Copy all of the data below exactly as it is given.

-- Provided entries follows --

Section FmuDifferentiable.
Context {R : realType} {n mI mE k : nat} {f : 'cV[R]_n -> R}
  {cI : 'cV[R]_n -> 'cV[R]_mI} {cE : 'cV[R]_n -> 'cV[R]_mE}.
Hypothesis Cf : CkOn k.+2 setT f.
Hypothesis CcI : forall i, CkOn k.+2 setT (fun x => cI x i 0).
Hypothesis CcE : forall i, CkOn k.+2 setT (fun x => cE x i 0).

Lemma Amat_entry_differentiable j i x :
  differentiable (fun y => Amat cI cE y j i) x.
Proof.
have Cc := CkOn_cfun_entry CcI CcE.
have dc y : differentiable (cfun cI cE) y.
  by apply: differentiable_cV => l; apply: CkOn_differentiable (Cc l) _.
under eq_fun do rewrite /Amat (jac_coord j i (dc _)).
exact: CkOn_partial_differentiable (Cc j) _.
Qed.

Lemma Fmu_differentiable mu w : differentiable (Fmu f cI cE mu) w.
Proof.
apply: differentiable_col_mx; [|apply: differentiable_col_mx].
- apply: differentiable_cV => i; under eq_fun do rewrite !mxE.
  apply: differentiableB.
    apply: (differentiable_usubmx_comp ('D_(ebasis R i) f)).
    exact: CkOn_partial_differentiable Cf I.
  apply: differentiable_sum_pointwise => j; apply: differentiableM.
    under eq_fun do rewrite mxE.
    apply: (differentiable_usubmx_comp (fun x => Amat cI cE x j i)).
    exact: Amat_entry_differentiable.
  exact/differentiable_entry/differentiable_dsubmx.
- apply: differentiable_cV => i; under eq_fun do rewrite !mxE.
  apply: differentiableB; last exact: differentiable_cst.
  apply: differentiableM; last exact: differentiable_coord.
  apply: (differentiable_usubmx_comp (fun x => cI x i 0)).
  exact: CkOn_differentiable (CcI i) I.
- apply: (differentiable_usubmx_comp cE); apply: differentiable_cV => i.
  exact: CkOn_differentiable (CcE i) I.
Qed.
End FmuDifferentiable.

Theorem proposition1 (R : realType) (n mI mE d : nat)
  (f : 'cV[R]_n -> R) (cI : 'cV[R]_n -> 'cV[R]_mI) (cE : 'cV[R]_n -> 'cV[R]_mE)
  (xs : 'cV[R]_n) (lams : 'cV[R]_(mI + mE))
  (W0 : 'cV[R]_(n + (mI + mE)) -> 'cV[R]_(n + (mI + mE)))
  (eps : R -> R) (mu : nat -> R) (w : nat -> 'cV[R]_(n + (mI + mE)))
  (K : set nat) :
  (3 <= d)%N ->
  CkOn d setT f ->
  (forall i : 'I_mI, CkOn d setT (fun x => cI x i 0)) ->
  (forall i : 'I_mE, CkOn d setT (fun x => cE x i 0)) ->
  KKT f cI cE xs lams ->
  LICQ cI cE xs ->
  strict_compl cI xs lams ->
  SSOSC f cI cE xs lams ->
  is_w0 f cI cE d (col_mx xs lams) W0 ->
  (forall m, 0 < m -> 0 < eps m) ->
  ThetaId eps ->
  (forall k, 0 < mu k) ->
  (forall k, mu k.+1 < mu k) ->
  (forall k, enorm (Fmu f cI cE (mu k) (w k.+1)) <= eps (mu k)) ->
  (forall N, exists k, K k /\ (N <= k)%N) ->
  (forall e : R, 0 < e -> exists N, forall k, K k -> (N <= k)%N ->
      enorm (w k.+1 - col_mx xs lams) < e) ->
  exists N, forall k, K k -> (N <= k)%N ->
    JF f cI cE (w k.+1) \in unitmx /\
    w1 W0 (mu k.+1) (Fmu f cI cE (mu k.+1) (w k.+1))
      = w k.+1 - invmx (JF f cI cE (w k.+1)) *m Fmu f cI cE (mu k.+1) (w k.+1).
Proof.
move=> d3 Cf CI CE _ _ _ _ [W0ws [Nr [Nw [[oNr Nr0] [oNw Nws] CW0 HW0]]]].
move=> _ _ _ _ _ _ conv.
case: d d3 Cf CI CE CW0 => [|[|[|d]]] // _ Cf CI CE CW0.
pose F0 := Fmu f cI cE 0.
have dF0 v : differentiable F0 v := Fmu_differentiable Cf CI CE 0 v.
have dW0 y : Nr y -> differentiable W0 y := CkOn_differentiable CW0.
have F0W0 y : Nr y -> F0 (W0 y) = y by case/HW0.
have near_ws : nbhs (col_mx xs lams) (Nw `&` F0 @^-1` Nr).
  apply: filterI; first exact: open_nbhs_nbhs.
  apply: (differentiable_continuous (dF0 _)).
  by rewrite -W0ws F0W0 //; apply: open_nbhs_nbhs.
have [e e0 ball_in] := nbhs_enorm_ball near_ws.
have [N conv_e] := conv e e0.
exists N => k Kk Nk.
have [Nw_w Nr_y] : Nw (w k.+1) /\ Nr (F0 (w k.+1)).
  exact: ball_in _ (conv_e k Kk Nk).
set y := F0 (w k.+1) in Nr_y *.
have W0y : W0 y = w k.+1 by have [_ _ uniq] := HW0 y Nr_y; exact/esym/uniq.
have := jac_local_inverse y oNr Nr_y F0W0 (dW0 y Nr_y) (dF0 _).
rewrite W0y => -[uJ invJ]; split => //.
rewrite /JF -/F0 invJ /w1 /wmur (Fmu_shift f cI cE (mu k.+1)).
rewrite ray_tangent_at0 subrK ?W0y //.
exact: dW0 y Nr_y.
Qed.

-- Provided entries concluded --

**Solved problem:**
Section FmuDifferentiable.
Context {R : realType} {n mI mE k : nat} {f : 'cV[R]_n -> R}
  {cI : 'cV[R]_n -> 'cV[R]_mI} {cE : 'cV[R]_n -> 'cV[R]_mE}.
Hypothesis Cf : CkOn k.+2 setT f.
Hypothesis CcI : forall i, CkOn k.+2 setT (fun x => cI x i 0).
Hypothesis CcE : forall i, CkOn k.+2 setT (fun x => cE x i 0).

Lemma Amat_entry_differentiable j i x :
  differentiable (fun y => Amat cI cE y j i) x.
Proof.
have Cc := CkOn_cfun_entry CcI CcE.
have dc y : differentiable (cfun cI cE) y.
  by apply: differentiable_cV => l; apply: CkOn_differentiable (Cc l) _.
under eq_fun do rewrite /Amat (jac_coord j i (dc _)).
exact: CkOn_partial_differentiable (Cc j) _.
Qed.

Lemma Fmu_differentiable mu w : differentiable (Fmu f cI cE mu) w.
Proof.
apply: differentiable_col_mx; [|apply: differentiable_col_mx].
- apply: differentiable_cV => i; under eq_fun do rewrite !mxE.
  apply: differentiableB.
    apply: (differentiable_usubmx_comp ('D_(ebasis R i) f)).
    exact: CkOn_partial_differentiable Cf I.
  apply: differentiable_sum_pointwise => j; apply: differentiableM.
    under eq_fun do rewrite mxE.
    apply: (differentiable_usubmx_comp (fun x => Amat cI cE x j i)).
    exact: Amat_entry_differentiable.
  exact/differentiable_entry/differentiable_dsubmx.
- apply: differentiable_cV => i; under eq_fun do rewrite !mxE.
  apply: differentiableB; last exact: differentiable_cst.
  apply: differentiableM; last exact: differentiable_coord.
  apply: (differentiable_usubmx_comp (fun x => cI x i 0)).
  exact: CkOn_differentiable (CcI i) I.
- apply: (differentiable_usubmx_comp cE); apply: differentiable_cV => i.
  exact: CkOn_differentiable (CcE i) I.
Qed.
End FmuDifferentiable.

Theorem proposition1 (R : realType) (n mI mE d : nat)
  (f : 'cV[R]_n -> R) (cI : 'cV[R]_n -> 'cV[R]_mI) (cE : 'cV[R]_n -> 'cV[R]_mE)
  (xs : 'cV[R]_n) (lams : 'cV[R]_(mI + mE))
  (W0 : 'cV[R]_(n + (mI + mE)) -> 'cV[R]_(n + (mI + mE)))
  (eps : R -> R) (mu : nat -> R) (w : nat -> 'cV[R]_(n + (mI + mE)))
  (K : set nat) :
  (3 <= d)%N ->
  CkOn d setT f ->
  (forall i : 'I_mI, CkOn d setT (fun x => cI x i 0)) ->
  (forall i : 'I_mE, CkOn d setT (fun x => cE x i 0)) ->
  KKT f cI cE xs lams ->
  LICQ cI cE xs ->
  strict_compl cI xs lams ->
  SSOSC f cI cE xs lams ->
  is_w0 f cI cE d (col_mx xs lams) W0 ->
  (forall m, 0 < m -> 0 < eps m) ->
  ThetaId eps ->
  (forall k, 0 < mu k) ->
  (forall k, mu k.+1 < mu k) ->
  (forall k, enorm (Fmu f cI cE (mu k) (w k.+1)) <= eps (mu k)) ->
  (forall N, exists k, K k /\ (N <= k)%N) ->
  (forall e : R, 0 < e -> exists N, forall k, K k -> (N <= k)%N ->
      enorm (w k.+1 - col_mx xs lams) < e) ->
  exists N, forall k, K k -> (N <= k)%N ->
    JF f cI cE (w k.+1) \in unitmx /\
    w1 W0 (mu k.+1) (Fmu f cI cE (mu k.+1) (w k.+1))
      = w k.+1 - invmx (JF f cI cE (w k.+1)) *m Fmu f cI cE (mu k.+1) (w k.+1).
Proof.
move=> d3 Cf CI CE _ _ _ _ [W0ws [Nr [Nw [[oNr Nr0] [oNw Nws] CW0 HW0]]]].
move=> _ _ _ _ _ _ conv.
case: d d3 Cf CI CE CW0 => [|[|[|d]]] // _ Cf CI CE CW0.
pose F0 := Fmu f cI cE 0.
have dF0 v : differentiable F0 v := Fmu_differentiable Cf CI CE 0 v.
have dW0 y : Nr y -> differentiable W0 y := CkOn_differentiable CW0.
have F0W0 y : Nr y -> F0 (W0 y) = y by case/HW0.
have near_ws : nbhs (col_mx xs lams) (Nw `&` F0 @^-1` Nr).
  apply: filterI; first exact: open_nbhs_nbhs.
  apply: (differentiable_continuous (dF0 _)).
  by rewrite -W0ws F0W0 //; apply: open_nbhs_nbhs.
have [e e0 ball_in] := nbhs_enorm_ball near_ws.
have [N conv_e] := conv e e0.
exists N => k Kk Nk.
have [Nw_w Nr_y] : Nw (w k.+1) /\ Nr (F0 (w k.+1)).
  exact: ball_in _ (conv_e k Kk Nk).
set y := F0 (w k.+1) in Nr_y *.
have W0y : W0 y = w k.+1 by have [_ _ uniq] := HW0 y Nr_y; exact/esym/uniq.
have := jac_local_inverse y oNr Nr_y F0W0 (dW0 y Nr_y) (dF0 _).
rewrite W0y => -[uJ invJ]; split => //.
rewrite /JF -/F0 invJ /w1 /wmur (Fmu_shift f cI cE (mu k.+1)).
rewrite ray_tangent_at0 subrK ?W0y //.
exact: dW0 y Nr_y.
Qed.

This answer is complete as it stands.